In other words, the greater an expert’s reputation – or, as I see it, the fatter the ego – the smaller the number of accurate predictions the expert made. I’d wager that the same rule of thumb can be applied to art critics and collectors, especially those who denigrated the work of Bill Girard.

 

Like Bill, I’m an art school drop-out, an anti-expert.  So for what’s it’s worth, here’s my prediction: William Girard has left us a legacy that will someday bring smiles to faces in many museums and mansions. For the wrong reasons, perhaps. But smiles nonetheless.
 

I bettja that, someday, art historians will attend conferences and write erudite papers on such topics as:

 

Homo or Hetero? Sensuality and Suggestion in the Work of William Girard

Girard: Spiritual Heir of the Go for Baroque Spirit

Remastering the Old Masters: The Girard Approach

Eros, Apollo & Bill: A Figurative Love Affair

The Genes of Balmoral Castle in the Work of William Girard.

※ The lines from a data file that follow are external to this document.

(* For every integer $k\ge1$, $$t^+_k(2)=\tfrac16\left(2^k-(-1)^k\left(1+(-3)^{\lceil k/2\rceil}\right)\right),\qquad t^-_k(2)=\tfrac16\left(2^k-(-1)^k\left(1-(-3)^{\lceil k/2\rceil}\right)\right).$$
   Context: $T_\pm$ is a directed graph on three vertices $x_0,x_1,x_2$ (a triangle) with both arcs between each pair; the clockwise arcs $x_0\to x_1$, $x_1\to x_2$, $x_2\to x_0$ have sign $+$ and the reverse (counterclockwise) arcs have sign $-$. A walk is positive (negative) if the product of the signs of its arcs is $+$ ($-$). For vertices $x,y$ such that the clockwise path from $x$ to $y$ has length $2$ (i.e. $y\to x$ is a clockwise arc), $t^+_k(2)$ (resp. $t^-_k(2)$) is the number of positive (resp. negative) walks of length $k$ from $x$ to $y$. *)

From mathcomp Require Import all_boot all_order all_algebra.
Set Implicit Arguments. Unset Strict Implicit. Unset Printing Implicit Defensive.
Import GRing.Theory Num.Theory.
Local Open Scope ring_scope.

(* The signed digraph T_pm on vertices x_0,x_1,x_2, represented as 'I_3.
   Clockwise successor of x_i is x_{i+1 mod 3} (ordS). *)

Definition Tarc (u v : 'I_3) : bool := u != v.

Definition Tsign (u v : 'I_3) : int := if v == ordS u then 1 else -1.

(* A walk of length k is given by its vertex sequence v_0,...,v_k
   (arcs are determined by their endpoints since there are no parallel arcs). *)
Definition is_walk (k : nat) (x y : 'I_3) (w : {ffun 'I_k.+1 -> 'I_3}) : bool :=
  [&& w ord0 == x, w ord_max == y &
      [forall i : 'I_k, Tarc (w (inord i)) (w (inord i.+1))]].

Definition walk_sign (k : nat) (w : {ffun 'I_k.+1 -> 'I_3}) : int :=
  \prod_(i < k) Tsign (w (inord i)) (w (inord i.+1)).

Definition tplus (k : nat) (x y : 'I_3) : nat :=
  #|[set w : {ffun 'I_k.+1 -> 'I_3} | is_walk x y w && (walk_sign w == 1)]|.
Definition tminus (k : nat) (x y : 'I_3) : nat :=
  #|[set w : {ffun 'I_k.+1 -> 'I_3} | is_walk x y w && (walk_sign w == -1)]|.

From mathcomp Require Import all_boot all_order all_algebra.
From mathcomp Require Import ring lra.
Import GRing.Theory Num.Theory.
Local Open Scope ring_scope.

(* Weight a walk by the product of the entries of a matrix along its arcs; the
   total weight of the walks of length k from x to y is the (x, y) entry of the
   k-th power. With the adjacency matrix A and the signed adjacency matrix S of
   T_pm, this gives t^+_k + t^-_k = A^k x y and t^+_k - t^-_k = S^k x y.
   Writing J for the all-ones matrix, A = J - 1 and J^2 = 3J, so A^k is an
   explicit combination of J and 1; and S^2 = J - 3 while SJ = 0, so S^3 = -3S
   and the powers of S alternate between multiples of S and of J - 3. *)

Section WalkSums.
Variables (R : pzSemiRingType) (n : nat).

Definition walk_weight (M : 'M[R]_n) {k} (w : {ffun 'I_k.+1 -> 'I_n}) : R :=
  \prod_(i < k) M (w (inord i)) (w (inord i.+1)).

Definition rcons_walk {k} (w : {ffun 'I_k.+1 -> 'I_n}) (z : 'I_n) :
    {ffun 'I_k.+2 -> 'I_n} :=
  [ffun i : 'I_k.+2 => if (i < k.+1)%N then w (inord i) else z].

Lemma rcons_walk_lt k (w : {ffun 'I_k.+1 -> 'I_n}) z (i : nat) :
  (i < k.+1)%N -> rcons_walk w z (inord i) = w (inord i).
Proof. by move=> lt_ik; rewrite ffunE inordK ?lt_ik // ltnW. Qed.

Lemma rcons_walk_max k (w : {ffun 'I_k.+1 -> 'I_n}) z : rcons_walk w z ord_max = z.
Proof. by rewrite ffunE ltnn. Qed.

Lemma rcons_walk0 k (w : {ffun 'I_k.+1 -> 'I_n}) z : rcons_walk w z ord0 = w ord0.
Proof.
by rewrite -[ord0]inord_val rcons_walk_lt //; congr (w _); apply/val_inj; rewrite /= inordK.
Qed.

Lemma rcons_walk_bij k :
  bijective (fun p : {ffun 'I_k.+1 -> 'I_n} * 'I_n => rcons_walk p.1 p.2).
Proof.
exists (fun w : {ffun 'I_k.+2 -> 'I_n} => ([ffun j : 'I_k.+1 => w (inord j)], w ord_max)).
- case=> w z /=; rewrite rcons_walk_max; congr pair.
  by apply/ffunP=> j; rewrite ffunE rcons_walk_lt ?inord_val.
- move=> w; apply/ffunP=> i; rewrite !ffunE.
  case: ifP => [lt_ik | /negbT]; first by congr (w _); apply/val_inj; rewrite /= !inordK // ltnW.
  rewrite -leqNgt => le_ki; congr (w _); apply/val_inj/eqP.
  by rewrite eqn_leq le_ki -ltnS ltn_ord.
Qed.

Lemma walk_weight_rcons (M : 'M[R]_n) k (w : {ffun 'I_k.+1 -> 'I_n}) z :
  walk_weight M (rcons_walk w z) = walk_weight M w * M (w ord_max) z.
Proof.
rewrite /walk_weight big_ord_recr /= rcons_walk_lt //.
have -> : inord k.+1 = ord_max :> 'I_k.+2 by apply/val_inj; rewrite /= inordK.
have -> : inord k = ord_max :> 'I_k.+1 by apply/val_inj; rewrite /= inordK.
rewrite rcons_walk_max; congr (_ * _); apply: eq_bigr => i _.
by rewrite !rcons_walk_lt // ltnS // ltnW.
Qed.

Lemma sum_walk_weight (M : 'M[R]_n) k x y :
  \sum_(w : {ffun 'I_k.+1 -> 'I_n} | (w ord0 == x) && (w ord_max == y)) walk_weight M w
  = (M ^+ k) x y.
Proof.
elim: k y => [|k IHk] y.
  rewrite (reindex (fun z : 'I_n => [ffun=> z])) /=; last first.
    exists (fun w : {ffun 'I_1 -> 'I_n} => w ord0) => [z|w] _; rewrite ?ffunE //.
    by apply/ffunP=> i; rewrite ffunE (ord1 i).
  rewrite expr0 mxE /walk_weight; under eq_bigl => z do rewrite !ffunE.
  under eq_bigr do rewrite big_ord0.
  case: eqP => [<- | /eqP neq_xy].
    by under eq_bigl => z do rewrite andbb; rewrite big_pred1_eq.
  by rewrite big_pred0 // => z; apply/andP => -[/eqP-> /eqP eq_xy]; rewrite eq_xy eqxx in neq_xy.
rewrite (reindex _ (onW_bij _ (rcons_walk_bij k))) /=.
under eq_bigl => p do rewrite rcons_walk0 rcons_walk_max.
under eq_bigr => p _ do rewrite walk_weight_rcons.
rewrite -(pair_big_dep (fun w : {ffun 'I_k.+1 -> 'I_n} => w ord0 == x) (fun _ z => z == y)
  (fun w z => walk_weight M w * M (w ord_max) z)) /=.
under eq_bigr => w _ do rewrite big_pred1_eq.
rewrite exprSr -mulmxE mxE.
rewrite (partition_big (fun w : {ffun 'I_k.+1 -> 'I_n} => w ord_max) xpredT) //=.
apply: eq_bigr => z _; rewrite -IHk big_distrl /=.
by apply: eq_bigr => w /andP[_ /eqP->].
Qed.

Lemma prod_natr_bool (I : finType) (b : pred I) : \prod_i (b i)%:R = [forall i, b i]%:R :> R.
Proof.
have -> : [forall i, b i] = \big[andb/true]_i b i by rewrite big_andE.
by apply/esym/(big_morph (fun c : bool => c%:R)) => // c d; case: c; rewrite ?mul1r ?mul0r.
Qed.

Lemma mul_const_mx1 :
  (const_mx 1 : 'M[R]_n) *m (const_mx 1 : 'M[R]_n) = n%:R *: const_mx 1.
Proof.
apply/matrixP => i j; rewrite !mxE; under eq_bigr do rewrite !mxE mulr1.
by rewrite sumr_const card_ord mulr1.
Qed.

End WalkSums.

Arguments walk_weight {R n} M {k} w.

Definition follows_arcs {k} (w : {ffun 'I_k.+1 -> 'I_3}) : bool :=
  [forall i : 'I_k, Tarc (w (inord i)) (w (inord i.+1))].

Definition Tpm_adj : 'M[int]_3 := \matrix_(u, v) (Tarc u v)%:R.
Definition Tpm_signed : 'M[int]_3 := \matrix_(u, v) ((Tarc u v)%:R * Tsign u v).

Local Notation J := (const_mx 1 : 'M[int]_3).

Lemma walk_sign_pm {k} (w : {ffun 'I_k.+1 -> 'I_3}) :
  (walk_sign w == 1) || (walk_sign w == -1).
Proof.
apply: (big_ind (fun s : int => (s == 1) || (s == -1))) => //.
  by move=> s t /orP[] /eqP-> /orP[] /eqP->; rewrite ?mulr1 ?mulrN1 ?eqxx ?orbT.
by move=> i _; rewrite /Tsign; case: ifP; rewrite eqxx ?orbT.
Qed.

Section Counting.
Variables (k : nat) (x y : 'I_3).

Lemma walk_weight_Tpm_adj (w : {ffun 'I_k.+1 -> 'I_3}) :
  walk_weight Tpm_adj w = (follows_arcs w)%:R.
Proof. by rewrite -prod_natr_bool; apply: eq_bigr => i _; rewrite mxE. Qed.

Lemma walk_weight_Tpm_signed (w : {ffun 'I_k.+1 -> 'I_3}) :
  walk_weight Tpm_signed w = (follows_arcs w)%:R * walk_sign w.
Proof.
rewrite -prod_natr_bool /walk_sign -big_split /=.
by apply: eq_bigr => i _; rewrite mxE.
Qed.

Lemma card_walks (P : pred {ffun 'I_k.+1 -> 'I_3}) :
  (#|[set w | is_walk x y w && P w]|)%:R
  = \sum_(w : {ffun 'I_k.+1 -> 'I_3} | (w ord0 == x) && (w ord_max == y))
      (follows_arcs w && P w)%:R :> int.
Proof.
rewrite cardsE -sum1_card natr_sum big_mkcond [RHS]big_mkcond /=.
apply: eq_bigr => w _; rewrite unfold_in /is_walk.
by case: (w ord0 == x); case: (w ord_max == y) => //=; case: ifP.
Qed.

Lemma tplus_add_tminus : (tplus k x y)%:R + (tminus k x y)%:R = (Tpm_adj ^+ k) x y :> int.
Proof.
rewrite !card_walks -big_split -sum_walk_weight; apply: eq_bigr => w _.
rewrite walk_weight_Tpm_adj; case: (follows_arcs w) => //=.
by case/orP: (walk_sign_pm w) => /eqP->.
Qed.

Lemma tplus_sub_tminus : (tplus k x y)%:R - (tminus k x y)%:R = (Tpm_signed ^+ k) x y :> int.
Proof.
rewrite !card_walks -sumrB -sum_walk_weight; apply: eq_bigr => w _.
rewrite walk_weight_Tpm_signed; case: (follows_arcs w); rewrite ?mul0r ?subrr //=.
by case/orP: (walk_sign_pm w) => /eqP->.
Qed.

End Counting.

Lemma Tpm_adjE : Tpm_adj = J - 1.
Proof. by apply/matrixP => i j; rewrite !mxE /Tarc; case: eqP. Qed.

Lemma Tpm_signed_sqr : Tpm_signed ^+ 2 = J - 3%:M.
Proof.
apply/matrixP => i j; rewrite expr2 -mulmxE !mxE !big_ord_recr big_ord0 /= !mxE.
by case: i => [[|[|[|?]]] ?] //; case: j => [[|[|[|?]]] ?] //; vm_compute.
Qed.

Lemma Tpm_signed_mul_const_mx1 : Tpm_signed *m J = 0.
Proof.
apply/matrixP => i j; rewrite !mxE !big_ord_recr big_ord0 /= !mxE.
by case: i => [[|[|[|?]]] ?] //; vm_compute.
Qed.

Lemma Tpm_adj_exp k : 3 *: Tpm_adj ^+ k = (2 ^+ k - (-1) ^+ k) *: J + (3 * (-1) ^+ k)%:M.
Proof.
elim: k => [|k IHk]; first by rewrite !expr0 subrr scale0r add0r mulr1 scalemx1.
rewrite exprSr scalerAl IHk Tpm_adjE mulrBr mulr1 mulrDl -scalerAl -mulmxE mul_const_mx1.
by rewrite mul_scalar_mx; apply/matrixP => i j; rewrite !mxE !exprS; ring.
Qed.

Lemma Tpm_signed_exp_odd m : Tpm_signed ^+ m.*2.+1 = (-3) ^+ m *: Tpm_signed.
Proof.
elim: m => [|m IHm]; first by rewrite expr1 expr0 scale1r.
rewrite doubleS -[m.*2.+3]addn2 exprD IHm Tpm_signed_sqr -scalerAl mulrBr -!mulmxE.
by rewrite Tpm_signed_mul_const_mx1 mul_mx_scalar sub0r -scaleNr scalerA exprSr.
Qed.

Lemma Tpm_signed_exp_even m : Tpm_signed ^+ m.*2.+2 = (-3) ^+ m *: (J - 3%:M).
Proof. by rewrite exprSr Tpm_signed_exp_odd -scalerAl -expr2 Tpm_signed_sqr. Qed.

Lemma ordSS_neq (x : 'I_3) : x != ordS (ordS x).
Proof. by case: x => [[|[|[|?]]] ?]. Qed.

Lemma Tpm_signed_ordSS (x : 'I_3) : Tpm_signed x (ordS (ordS x)) = -1.
Proof. by rewrite mxE; case: x => [[|[|[|?]]] ?]. Qed.

Lemma Tpm_adj_exp_offdiag k {x y : 'I_3} :
  x != y -> 3 * (Tpm_adj ^+ k) x y = 2 ^+ k - (-1) ^+ k.
Proof.
move=> neq_xy; have := congr1 (fun M : 'M_3 => M x y) (Tpm_adj_exp k).
by rewrite /= !mxE (negbTE neq_xy) mulr1 mulr0n addr0.
Qed.

Lemma Tpm_signed_exp_ordSS k (x : 'I_3) :
  3 * (Tpm_signed ^+ k.+1) x (ordS (ordS x)) = - ((-1) ^+ k.+1 * (-3) ^+ uphalf k.+1).
Proof.
rewrite -[k](odd_double_half k) /=; set m := k./2.
have sign_even : (-1) ^+ m.*2 = 1 :> int by rewrite -mul2n exprM sqrrN expr1n.
case: (odd k) => /=.
  rewrite add1n add0n uphalf_double Tpm_signed_exp_even !mxE (negbTE (ordSS_neq x)).
  by rewrite mulr0n subr0 !exprS sign_even; ring.
rewrite add0n doubleK Tpm_signed_exp_odd mxE Tpm_signed_ordSS.
by rewrite !exprS sign_even; ring.
Qed.

Theorem lemma13 (k : nat) (x y : 'I_3) :
  (1 <= k)%N -> y = ordS (ordS x) ->
  (tplus k x y)%:R = (1 / 6 : rat) * (2 ^+ k - (-1) ^+ k * (1 + (-3) ^+ uphalf k))
  /\
  (tminus k x y)%:R = (1 / 6 : rat) * (2 ^+ k - (-1) ^+ k * (1 - (-3) ^+ uphalf k)).
Proof.
case: k => // k _ ->.
have := Tpm_adj_exp_offdiag k.+1 (ordSS_neq x).
have := Tpm_signed_exp_ordSS k x.
rewrite -tplus_add_tminus -tplus_sub_tminus.
move=> /(congr1 (intr : int -> rat)) + /(congr1 (intr : int -> rat)).
rewrite !(rmorphM, rmorphB, rmorphN, rmorphXn) !rmorph_nat rmorphD !rmorph_nat rmorph1 /=.
by move=> signed_eq adj_eq; split; lra.
Qed.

The Prince and Pauper of Fine Art: William Girard

 

Indeed, I have long dreamt of establishing and endowing an institution in Bill’s honor: The Girard Institute for Recognition of Artists, Restorers and Designers.

 

Oh yeah, Bill did lots of things wrong. Everything that didn’t really matter. But he was a master of what he thought did matter.

 

Bill was the very best instructor I ever had, in any field.  As I accumulated well over 250 college credits from the University of Michigan; Albert-Ludwigs Universitaet; the Center for Creative Studies; Studio Art Centers International; and Arizona State University, my credibility in this, at least, ought to be pretty good. Plus, I’ve collected many similar kudos about Bill from folks I’ve never even met.

 

I’ve also seen the inside of many, many museums in the US and Europe. And I’ve been deeply moved by my encounters there. But none of those experiences can compare to the first time Bill took me to see the home of Allan Abramson, on the Detroit River, back in the 80s.

 

Until you’ve actually viewed a comprehensive collection of the work of William Girard, paintings, sculpture and drawing, large and small, as I did then, you simply can’t imagine how dazzlingly imaginative, how very, very special, our dear friend really was.  

 I could go on and on about my Bill Girard. I will go on. But not just now.  Now it's time for you to share your Bill Girard.

 

The vessel we called Bill Girard is gone. But I'm still tipsy. Bill's intoxicating, powerful and infectious spirit gives me joy every day. I hope it does the same for you and others, for as long as beauty, craftsmanship, wit and artistic courage are cherished.

 

I love you, Bill Girard. Feel free to drop in anytime.

 

Your spirit is welcome anywhere it finds me, anytime.